I agree with a lot of the answers, but one very important point isn't made: code doesn't magically fix itself, and there is a lot of code out there which is 17 years old. I have seen many companies write clean and safe new code, whilst the application could still be attacked in some of it's older sections. And worst of all: fixing old code is expensive, because it requires developers to delve into code that was written in a different era with different coding styles and different technologies. Sometimes fixing old code to not cause SQL injections requires one to recreate entire libraries that were bought back in the day (this is something I had to do a couple of years ago).
Not to say that all new code is free of SQL injections, but I personally haven't seen any professionally written new code in the past 4 or 5 years which contained them. (The only exception being where developers have to do a quick and dirty fix in old code and use the same style/technology in which the rest of the code is written.)
I believe it's because many developers learn just enough to get the job done, for some value of "done". They learn how to build SQL code, often from outdated online tutorials, and then when the code "works" to the extent that they can say "I can put stuff in the database, and I can generate the page of results", then they're satisfied.
Consider this guy on the ladder:
Why's he doing that? Why doesn't he have proper scaffolding? Because he's getting the job done. Put the ladder up against the wall over the stairs, and it works just fine. Until it doesn't.
Same thing with
INSERT INTO users VALUES($_POST['user']). It works just fine. Until it doesn't.
The other thing is that they're not aware of the dangers. With the guy on the unstable ladder, we understand gravity and falling. With building SQL statements from unvalidated outside data, they don't know about what can be done.
I spoke to a web developer user group last month, and of the 15 devs in the audience, two had heard of SQL injection.

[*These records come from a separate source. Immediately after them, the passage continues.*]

Lemma bernoulli_ineq (R : realDomainType) (t : R) m :
  0 <= t -> 1 + m%:R * t <= (1 + t) ^+ m.
Proof.
move=> t_ge0; elim: m => [|m IH]; first by rewrite mul0r addr0 expr0.
rewrite exprSr -natr1.
have : 0 <= (1 + t) ^+ m by apply: exprn_ge0; lra.
have : 0 <= m%:R :> R by apply: ler0n.
nra.
Qed.

Lemma ln2_ge_half (R : realType) : 2^-1 <= ln (2 : R).
Proof.
have := @le_ln1Dx R (- 2^-1) ltac:(lra).
have -> : 1 + - 2^-1 = (2 : R)^-1 by field.
rewrite lnV ?posrE //; lra.
Qed.

Lemma threshold_gt0 (R : realType) k (d : R) :
  (0 < k)%N -> 2 * ln 2 / k%:R <= d -> 0 < d.
Proof.
move=> k_gt0; apply: lt_le_trans; have := ln2_ge_half R.
by rewrite -(ltr0n R) in k_gt0; move=> ?; apply: divr_gt0 => //; lra.
Qed.

(* The numerical heart of the threshold: if delta >= 2 ln 2 / k then
   ((n/(n+delta))^n)^k <= 1/2, since (1 + delta/n)^(nk) >= (1+delta)^k >= 1 + k delta >= 2. *)
Lemma ratio_pow_le_half (R : realType) n k (d : R) : (0 < n)%N -> (0 < k)%N ->
  2 * ln 2 / k%:R <= d -> ((n%:R / (n%:R + d)) ^+ n) ^+ k <= 2^-1.
Proof.
move=> n_gt0 k_gt0 hd.
have k_pos : 0 < k%:R :> R by rewrite ltr0n.
have n_pos : 0 < n%:R :> R by rewrite ltr0n.
have kd_ge1 : 1 <= k%:R * d.
  have := ln2_ge_half R; move: hd; rewrite ler_pdivrMr // [d * _]mulrC; lra.
have d_pos : 0 < d := threshold_gt0 k_gt0 hd.
set a := 1 + d / n%:R.
have -> : n%:R / (n%:R + d) = a^-1 by rewrite /a; field; apply/andP; split; lra.
have a_pos : 0 < a by have := divr_gt0 d_pos n_pos; rewrite /a; lra.
rewrite exprVn exprVn lef_pV2 ?posrE ?exprn_gt0 //.
have pow_n : 1 + d <= a ^+ n.
  have := @bernoulli_ineq R (d / n%:R) n (ltW (divr_gt0 d_pos n_pos)).
  by rewrite mulrC divfK // gt_eqF.
have pow_k : 1 + k%:R * d <= (1 + d) ^+ k by apply: bernoulli_ineq; lra.
have : (1 + d) ^+ k <= (a ^+ n) ^+ k by apply: lerXn2r; rewrite ?nnegrE //; lra.
lra.
Qed.

Section SmallL1Norm.
Variables (R : realType) (n : nat).

(* AM-GM applied to |x_i| bounds the product term by the l1-norm. *)
Lemma prod_le_norm1 (x : 'cV[R]_n) :
  n%:R ^+ n * \prod_i (n%:R * x i 0 ^+ 2) <= (norm1 x ^+ n) ^+ 2.
Proof.
have -> : n%:R ^+ n * \prod_i (n%:R * x i 0 ^+ 2) = (\prod_i (n%:R * `|x i 0|)) ^+ 2.
  have -> : n%:R ^+ n = \prod_(i < n) (n%:R : R) by rewrite prodr_const card_ord.
  rewrite -prodrXl -big_split /=.
  by apply: eq_bigr => i _; rewrite exprMn real_normK ?num_real // mulrA -expr2.
apply: lerXn2r; rewrite ?nnegrE; last exact: AMGM_scaled.
- by apply: prodr_ge0 => i _; apply: mulr_ge0.
- by apply: exprn_ge0; apply: sumr_ge0.
Qed.

Lemma pG_prodE k (e : rel 'I_n) (x : 'cV[R]_n) :
  pG k e x = qform (QG R e) x * (\prod_i (n%:R * x i 0 ^+ 2)) ^+ k.
Proof. by rewrite /pG prodrXl. Qed.

Lemma pG_small_norm1 k (e : rel 'I_n) (d : R) (x : 'cV[R]_n) :
  (0 < n)%N -> (0 < k)%N -> simple_graph e -> regular 3 e ->
  2 * ln 2 / k%:R <= d -> norm2 x = 1 ->
  norm1 x <= n%:R / Num.sqrt (n%:R + d) -> pG k e x <= 2^-1.
Proof.
move=> n_gt0 k_gt0 sge reg hd x_unit x_small.
have d_ge0 : 0 <= d by exact/ltW/(threshold_gt0 k_gt0 hd).
have n_pos : 0 < n%:R :> R by rewrite ltr0n.
set P := \prod_i (n%:R * x i 0 ^+ 2).
have P_ge0 : 0 <= P by apply: prodr_ge0 => i _; apply: mulr_ge0 => //; apply: sqr_ge0.
have q_le1 : qform (QG R e) x <= 1 by rewrite -(norm2_sum x_unit) qform_QG_le.
have eta_sq : (n%:R / Num.sqrt (n%:R + d)) ^+ 2 = n%:R ^+ 2 / (n%:R + d).
  by rewrite expr_div_n sqr_sqrtr //; lra.
have norm1_pow : (norm1 x ^+ n) ^+ 2 <= n%:R ^+ n * (n%:R / (n%:R + d)) ^+ n.
  rewrite -exprM mulnC exprM -exprMn mulrA -expr2 -eta_sq.
  have norm1_ge0 : 0 <= norm1 x by apply: sumr_ge0.
  apply: lerXn2r; rewrite ?nnegrE ?sqr_ge0 //.
  by apply: lerXn2r; rewrite ?nnegrE ?divr_ge0 ?sqrtr_ge0.
have P_le : P <= (n%:R / (n%:R + d)) ^+ n.
  rewrite -(@ler_pM2l _ (n%:R ^+ n)) ?exprn_gt0 //.
  exact: le_trans (prod_le_norm1 x) norm1_pow.
rewrite pG_prodE -/P; apply: le_trans (ler_piMl _ q_le1) _; first exact: exprn_ge0.
apply: le_trans (ratio_pow_le_half n_gt0 k_gt0 hd).
by apply: lerXn2r; rewrite ?nnegrE ?exprn_ge0 ?divr_ge0 //; lra.
Qed.

(* Sign vectors have l1-norm sqrt n >= eta, so they lie in T_delta. *)
Lemma eta_le_sqrt (d : R) : (0 < n)%N -> 0 <= d ->
  n%:R / Num.sqrt (n%:R + d) <= Num.sqrt n%:R.
Proof.
move=> n_gt0 d_ge0; have n_pos : 0 < n%:R :> R by rewrite ltr0n.
rewrite ler_pdivrMr ?sqrtr_gt0; last lra.
rewrite -{1}(sqr_sqrtr (ler0n R n)) expr2 ler_wpM2l ?sqrtr_ge0 //.
by rewrite ler_sqrt; lra.
Qed.

End SmallL1Norm.

Lemma continuous_mul (K : numFieldType) (T : topologicalType) (f g : T -> K) :
  continuous f -> continuous g -> continuous (fun x => f x * g x).
Proof. by move=> f_cont g_cont x; exact: continuousM (f_cont x) (g_cont x). Qed.

Lemma continuous_exprn (R : realType) (T : topologicalType) (f : T -> R) m :
  continuous f -> continuous (fun x => f x ^+ m).
Proof.
move=> f_cont x; apply: (@continuous_comp _ _ _ f (fun r : R => r ^+ m)).
  exact: f_cont.
exact: exprn_continuous.
Qed.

I think the main reason is that developer training doesn't start with best practices, it starts with language understanding. Thus, new programmers, believing they have been trained with the tools to create something proceed to create the queries the way they've been taught. The next and most dangerous step, is to allow someone to develop anything without review and therefore continued opportunity to make more poor choices without knowing that there is something wrong with it and produce further habits that ignore industry-wide accepted best practices. So, to sum it up - poorly trained programmers operating in an environment that does not value anything but the end product.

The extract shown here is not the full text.